Alpha Returns Group plc : Final Results

Alpha Returns Group plc : Final Results

Alpha Returns Group plc

("Alpha Returns" or the "Company")

Financial statements for the year ended 31 December 2015

28 June 2016

Alpha Returns today announces its audited results for the year ended 31 December 2015.

Copies of the Group's Annual Report and Accounts will be sent to shareholders and will be available on the Company's website http://alpharet.com later today. Further copies may be obtained directly from the Company's Registered Office at Alpha Returns Group plc, 27/28 Eastcastle Street, London W1W 8DH.

The Directors of Alpha Returns are also pleased to announce that the notice of Annual General Meeting ("AGM") is today being posted to shareholders. The AGM will be held at 3rd Floor, New Liverpool House, 15 Eldon Street, London EC2M 7LD on 22 July 2016, 10am.

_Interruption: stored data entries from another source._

Lemma anticyclic_mode_gt0 j : (j <= N)%N -> 0 < S j%:R.
Proof.
move=> jN; rewrite /S /anticyclic_mode -/theta; apply: sin_gt0_pi; apply/andP; split.
  by rewrite mulr_gt0 // ltr_wpDl ?invr_gt0.
apply: (@le_lt_trans _ _ ((N%:R + 2^-1) * theta)).
  by rewrite ler_wpM2r ?(ltW theta_gt0) // lerD2r ler_nat.
by rewrite S_last_arg ltrBlDr ltrDl divr_gt0.
Qed.

Let S_neighbours x : S (x - 1) + S (x + 1) = 2 * cos theta * S x.
Proof.
by rewrite /S /anticyclic_mode -/theta -sinB_add_sinD; congr (sin _ + sin _); ring.
Qed.

Lemma anticyclic_mode_neighbours j : (j <= N)%N ->
  antiprev N (fun k => S k%:R) j + antinext N (fun k => S k%:R) j
  = 2 * cos theta * S j%:R.
Proof.
have S_before_first : S (0 - 1) = - S N%:R.
  by rewrite S_last /S /anticyclic_mode -/theta -sinN; congr sin; field.
have S_after_last : S (N%:R + 1) = - S 0.
  rewrite S0 -sin_piD /S /anticyclic_mode; congr sin.
  by rewrite /theta -[N.+1%:R]natr1; field; rewrite natr1 pnatr_eq0.
move=> jN; rewrite -S_neighbours /antiprev /antinext; case: j jN => [|k] kN.
  by rewrite /= eq_sym (gtn_eqF N_gt0) -S_before_first !add0r.
rewrite -[k.+1%:R]natr1 addrK /=; case: eqP => [kN1|_]; last by rewrite !natr1.
by rewrite -S_after_last -kN1 !natr1.
Qed.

Copies of the Notice of AGM and Proxy Form will be available for download on the Company website at http://alpharet.com.

For further information:

Alpha Returns Group plc  Christopher Neo

Executive Director
020 3286 6388
ZAI Corporate Finance Ltd (NOMAD) Peter Trevelyan-Clark / Tim Cofman 020 7060 2220
Peterhouse Corporate Finance (Broker)  Duncan Vasey / Lucy Williams  020 7220 9797

Chairman's Statement

It gives me great pleasure to announce the results for the year 2015 for Alpha Returns. The results reported in the year to 31 December 2015 do not reflect the positive return made on the disposal of Riche Bright Securities Limited ("RBSL") because of the prescribed accounting treatment, but the position we find ourselves in today is very healthy with a substantial net gain on disposal testament to the strength of our management team, the commitment of our support staff and the ability to make investments with realisable growth prospects.

Whilst the UK's decision to leave the EU has had an immediate, and possibly permanent, impact on the market here in London, the fact that Asia continues to grow means Alpha Returns is very well positioned to continue to provide positive returns to shareholders.

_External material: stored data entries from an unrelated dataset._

(* For all integers $v\geq 1$ and $r\geq 1$, $$\sum_{i=1}^{2v-2}2^{i-1}\binom{2r+i-1}{i}\sigma(2v-i,2r+i)+2^{2v-1}\sum_{j=0}^{2r-2}(-1)^j\binom{2v+j-1}{j}\lambda(2v+j)\lambda(2r-j)$$ $$-2^{2v-3}\binom{2v+2r-2}{2v-1}(2v+2r-1)\lambda(2v+2r)+2^{2v-2}\binom{2v+2r-2}{2v-1}\sum_{j=1}^{r+v-2}\lambda(2j+1)\lambda(2r+2v-2j-1)=0,$$ where an empty sum equals $0$.
   Context: For integers $t\geq 1$, $n\geq 1$ let $S_n^{(t)}=\sum_{k=1}^{n}\frac{1}{(2k-1)^t}$, and for integers $s\geq 2$, $t\geq 1$ let $\sigma(s,t)=\sum_{n\geq 1}\frac{S_n^{(t)}}{n^s}$. For real $s>1$, $\lambda(s)=\sum_{n\geq 1}\frac{1}{(2n-1)^s}$. *)

From Stdlib Require Import Reals.
From Coquelicot Require Import Coquelicot.
Open Scope R_scope.

Definition S_odd (t n : nat) : R :=
  sum_n_m (fun k : nat => / (INR (2 * k - 1)) ^ t) 1 n.

Definition sigma_st (s t : nat) : R :=
  Series (fun m : nat => S_odd t (S m) / (INR (S m)) ^ s).

Definition lambda_d (s : nat) : R :=
  Series (fun m : nat => / (INR (2 * m + 1)) ^ s).

(* real binomial coefficient n choose k (Stdlib Reals.Binomial.C; Coquelicot's C is the complex type) *)
Definition binom (n k : nat) : R := Stdlib.Reals.Binomial.C n k.

From Stdlib Require Import Reals ZArith Lia Lra.
From Coquelicot Require Import Coquelicot.
Open Scope R_scope.

(* Everything comes from the partial-fraction expansion of [1 / (x^(p+1) (x+y)^(q+1))] in [x] and
   [y], whose coefficients are those of the problem of points. Put [x = 2k+1], [y = 2l+1] and sum
   over [k, l < M]: the left-hand side is a truncation of [sigma(q+1, p+1) / 2^(q+1)], and the
   right-hand side consists of products of truncated lambda values, further truncated sigma values
   and, after symmetrising in [k] and [l], an alternating sum of lambda products. Letting [M] tend
   to infinity gives a linear relation. In the alternating sum, the products of lambda values at
   even arguments are summed by the identity
   [sum_(j <= n) lambda(2j+2) lambda(2n+2-2j) = (n + 3/2) lambda(2n+4)], proved in the same way
   from partial fractions in [x^2]; there the telescoping remainders are tails of harmonic sums,
   which vanish in the limit. *)

(** * Finite sums *)

Fixpoint fsum (f : nat -> R) (n : nat) : R :=
  match n with O => 0 | S n => fsum f n + f n end.

Lemma fsum_Sr f n : fsum f (S n) = fsum f n + f n.
Proof. reflexivity. Qed.

Lemma fsum_ext f g n : (forall k, (k < n)%nat -> f k = g k) -> fsum f n = fsum g n.
Proof.
  induction n; intros H; simpl; auto.
  rewrite IHn, H by first [lia | intros; apply H; lia]. reflexivity.
Qed.

Lemma fsum_plus f g n : fsum (fun k => f k + g k) n = fsum f n + fsum g n.
Proof. induction n; simpl; [lra|rewrite IHn; lra]. Qed.

Lemma fsum_minus f g n : fsum (fun k => f k - g k) n = fsum f n - fsum g n.
Proof. induction n; simpl; [lra|rewrite IHn; lra]. Qed.

Lemma fsum_scal c f n : fsum (fun k => c * f k) n = c * fsum f n.
Proof. induction n; simpl; [lra|rewrite IHn; lra]. Qed.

A number of the economies in the Asia Pacific Region ("APAC") have outperformed more advanced countries, despite the global downturn. They have benefitted from continuing lower energy costs and relatively stable governments. The area continues to account for one-third of global growth. The IMF is projecting China to slow to 6.5% in 2016 (2015: 6.9%), but that still outstrips World growth of 3.2% (2015: 3.1%).

Our current portfolio also has a good range of companies in terms of geographical spread, industry, size and the stage of their development, with 52.5% interest in Singapore based Telistar, and a 30% investment in PRC based Maxlife.

Review of 2015

The figures presented have consolidated the results of our subsidiaries excluding RBSL. Whilst the investment in RBSL was realised for a significant gain which will be taken to the 2016 accounts, the other investments in our portfolio are all in growth phase, so any profits generated are ploughed back in to the individual businesses.

The final results for the year ended 31 December 2015 show a consolidated loss after taxation and total comprehensive expenses of £497,404 (2014; (£71,412) with losses of the parent company of £474,941 (2014: £237,127).

The loss for the year on continuing operations was £574,009 (2014: £265,200) attributable to equity holders of the Company. Total assets amounted to £5,050,763 (2014: £5,806,617) with £3,049,490 (2014: £2,846,736) net assets attributable to equity holders of the Company and net cash of £394,963 (2014: £1,848,000). The net cash position for 2015 is after excluding £1,287,573 of cash relating to RBSL following its reclassification as a disposal group (see Note 6 for further details).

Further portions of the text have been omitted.